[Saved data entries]
Lemma mat_analytic_at_normalize (s : R -> Mat2) (x0 : R) :
  mat_analytic_at s x0 -> s x0 <> Mat2_zero ->
  mat_analytic_at (fun t => Mat2_normalize (s t)) x0.
Proof.
  intros Hs Hs0; pose proof (Mat2_norm2_pos _ Hs0) as HN.
  apply mat_analytic_atE in Hs; destruct Hs as (H11 & H12 & H21 & H22).
  assert (Hk : C_analytic_at
    (fun t => RtoC (/ Mat2_norm2 (s t)) * Cconj (Mat2_trace (s t)))%C x0).
  { apply C_analytic_at_mult.
    - apply C_analytic_at_RtoC, analytic_at_inv; [|lra].
      unfold Mat2_norm2.
      apply analytic_at_plus; [apply analytic_at_plus; [apply analytic_at_plus|]|];
        apply C_analytic_at_Cnorm2; auto.
    - apply C_analytic_at_conj, C_analytic_at_plus; auto. }
  apply mat_analytic_atE; repeat split; apply C_analytic_at_mult; auto.
Qed.

Lemma hermitian_entries (A : Mat2) : hermitian A ->
  Im (m11 A) = 0 /\ Im (m22 A) = 0 /\ m21 A = Cconj (m12 A).
Proof.
  destruct A as [[a1 a2] [b1 b2] [c1 c2] [d1 d2]]; unfold hermitian, Mat2_adj; simpl.
  intros H; injection H; intros; subst; unfold Cconj; simpl; repeat split; lra.
Qed.

Lemma hermitian_qform_re (A : Mat2) (v1 v2 : C) : hermitian A ->
  Re (qform A v1 v2) =
  Re (m11 A) * Cnorm2 v1 + Re (m22 A) * Cnorm2 v2
  + 2 * Re (m12 A) * (Re v1 * Re v2 + Im v1 * Im v2)
  - 2 * Im (m12 A) * (Re v1 * Im v2 - Im v1 * Re v2).
Proof.
  intros HA; destruct (hermitian_entries A HA) as (H11 & H22 & H21).
  unfold qform; rewrite H21; revert H11 H22.
  destruct A as [[a1 a2] [b1 b2] c [d1 d2]], v1 as [x1 y1], v2 as [x2 y2].
  unfold Cnorm2, Re, Im; simpl; intros -> ->; ring.
Qed.

Lemma hermitian_det_re (A : Mat2) : hermitian A ->
  Re (Mat2_det A) = Re (m11 A) * Re (m22 A) - Cnorm2 (m12 A).
Proof.
  intros HA; destruct (hermitian_entries A HA) as (H11 & H22 & H21).
  unfold Mat2_det; rewrite H21; revert H11 H22.
  destruct A as [[a1 a2] [b1 b2] c [d1 d2]].
  unfold Cnorm2, Re, Im; simpl; intros -> ->; ring.
Qed.

Lemma pos_def_entries (P : Mat2) : pos_def P ->
  0 < Re (m11 P) /\ 0 < Re (m22 P) /\ 0 < Re (Mat2_det P).
Proof.
  intros [HP Hq]; rewrite hermitian_det_re by auto.
  assert (Hnz : forall r, r <> 0 -> RtoC r <> 0%C)
    by (intros r Hr H; apply (f_equal fst) in H; simpl in H; auto).
  pose proof (Hq 1%C 0%C (or_introl C1_nz)) as Q1.
  pose proof (Hq 0%C 1%C (or_intror C1_nz)) as Q2.
  rewrite hermitian_qform_re in Q1, Q2 by auto.
  assert (Ha : 0 < Re (m11 P)) by (revert Q1; unfold Cnorm2, Re, Im; simpl; nra).
  (* the vector (- P12, P11) realizes P11 * det P *)
  pose proof (Hq (- m12 P)%C (RtoC (Re (m11 P)))
    (or_intror (Hnz _ (Rgt_not_eq _ _ Ha)))) as Q3.
  rewrite hermitian_qform_re in Q3 by auto.
  revert Ha Q2 Q3; generalize (Re (m11 P)) (Re (m22 P)) (m12 P).
  intros a d [p q]; unfold Cnorm2, Re, Im; simpl; intros Ha Q2 Q3.
  assert (Hdet : 0 < a * d - (p * (p * 1) + q * (q * 1))).
  { apply (Rmult_lt_reg_l a); [lra|]; rewrite Rmult_0_r.
    eapply Rlt_le_trans; [exact Q3 | right; ring]. }
  repeat split; lra.
Qed.

Lemma pos_def_nonzero (P : Mat2) : pos_def P -> P <> Mat2_zero.
Proof.
  intros HP H0; destruct (pos_def_entries P HP) as [H11 _].
  rewrite H0 in H11; simpl in H11; lra.
Qed.

Lemma pos_semidef_of_entries (X : Mat2) : hermitian X ->
  0 <= Re (m11 X) -> 0 <= Re (m22 X) -> 0 <= Re (Mat2_det X) -> pos_semidef X.
Proof.
  intros HX Ha Hd Hdet; split; auto; intros v1 v2.
  rewrite hermitian_qform_re by auto; rewrite hermitian_det_re in Hdet by auto.
  destruct (m12 X) as [p q], v1 as [x1 y1], v2 as [x2 y2].
  set (a := Re (m11 X)) in *; set (d := Re (m22 X)) in *.
  unfold Cnorm2, Re, Im in *; simpl in *.
  destruct (Req_dec a 0) as [Ha0|Ha0].
  - assert (p = 0) by nra; assert (q = 0) by nra; subst; nra.
  - (* completing the square in v1 *)
    apply (Rmult_le_reg_l a); [lra|]; rewrite Rmult_0_r.
    replace (a * _) with ((a * x1 + p * x2 - q * y2) ^ 2 + (a * y1 + p * y2 + q * x2) ^ 2
      + (a * d - (p ^ 2 + q ^ 2)) * (x2 ^ 2 + y2 ^ 2)) by ring.
    pose proof (pow2_ge_0 (a * x1 + p * x2 - q * y2)).
    pose proof (pow2_ge_0 (a * y1 + p * y2 + q * x2)).
    assert (0 <= (a * d - (p ^ 2 + q ^ 2)) * (x2 ^ 2 + y2 ^ 2)) by (apply Rmult_le_pos; nra).
    lra.
Qed.

Lemma pos_def_scale (r : R) (P : Mat2) :
  0 < r -> pos_def P -> pos_def (Mat2_scale (RtoC r) P).
Proof.
  intros Hr [HP Hq]; split.
  - unfold hermitian; rewrite Mat2_adj_scale, HP, Cconj_RtoC; reflexivity.
  - intros v1 v2 Hv.
    replace (qform (Mat2_scale (RtoC r) P) v1 v2) with (RtoC r * qform P v1 v2)%C
      by (unfold qform; simpl; ring).
    specialize (Hq v1 v2 Hv); revert Hq; generalize (qform P v1 v2).
    intros [x y]; unfold Re; simpl; nra.
Qed.

Lemma hermitian_trace (A : Mat2) : hermitian A ->
  Mat2_trace A = RtoC (Re (m11 A) + Re (m22 A)).
Proof.
  intros HA; destruct (hermitian_entries A HA) as (H11 & H22 & _).
  unfold Mat2_trace; revert H11 H22; destruct (m11 A) as [a1 a2], (m22 A) as [d1 d2].
  unfold Re, Im, RtoC; simpl; intros -> ->; apply injective_projections; simpl; ring.
Qed.

Lemma Mat2_normalize_pos_def (P : Mat2) : pos_def P -> pos_def (Mat2_normalize P).
Proof.
  intros HP; destruct (pos_def_entries P HP) as (H11 & H22 & _).
  pose proof (Mat2_norm2_pos P (pos_def_nonzero P HP)) as HN.
  unfold Mat2_normalize; rewrite (hermitian_trace P (proj1 HP)), Cconj_RtoC, <- RtoC_mult.
  apply pos_def_scale; auto.
  apply Rmult_lt_0_compat; [apply Rinv_0_lt_compat|]; lra.
Qed.

(** * Periodic sets *)

Lemma periodic_shift_Z (P : R -> Prop) :
  (forall theta, P (theta + 2 * PI) <-> P theta) ->
  forall (z : Z) (theta : R), P (theta + 2 * PI * IZR z) <-> P theta.
Proof.
  intros HP z; induction z as [|z IH|z IH] using Z.peano_ind; intros theta.
  - simpl; rewrite Rmult_0_r, Rplus_0_r; tauto.
  - rewrite succ_IZR.
    replace (theta + 2 * PI * (IZR z + 1)) with (theta + 2 * PI * IZR z + 2 * PI) by ring.
    rewrite HP; apply IH.
  - rewrite <- Z.sub_1_r, minus_IZR, <- (HP (theta + 2 * PI * (IZR z - 1))).
    replace (theta + 2 * PI * (IZR z - 1) + 2 * PI) with (theta + 2 * PI * IZR z) by ring.
    apply IH.
Qed.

> PROBLEM DETAILS
In the data, find how many lines hold the string "assert", and answer with the number only.

> EXERCISE RESULT
6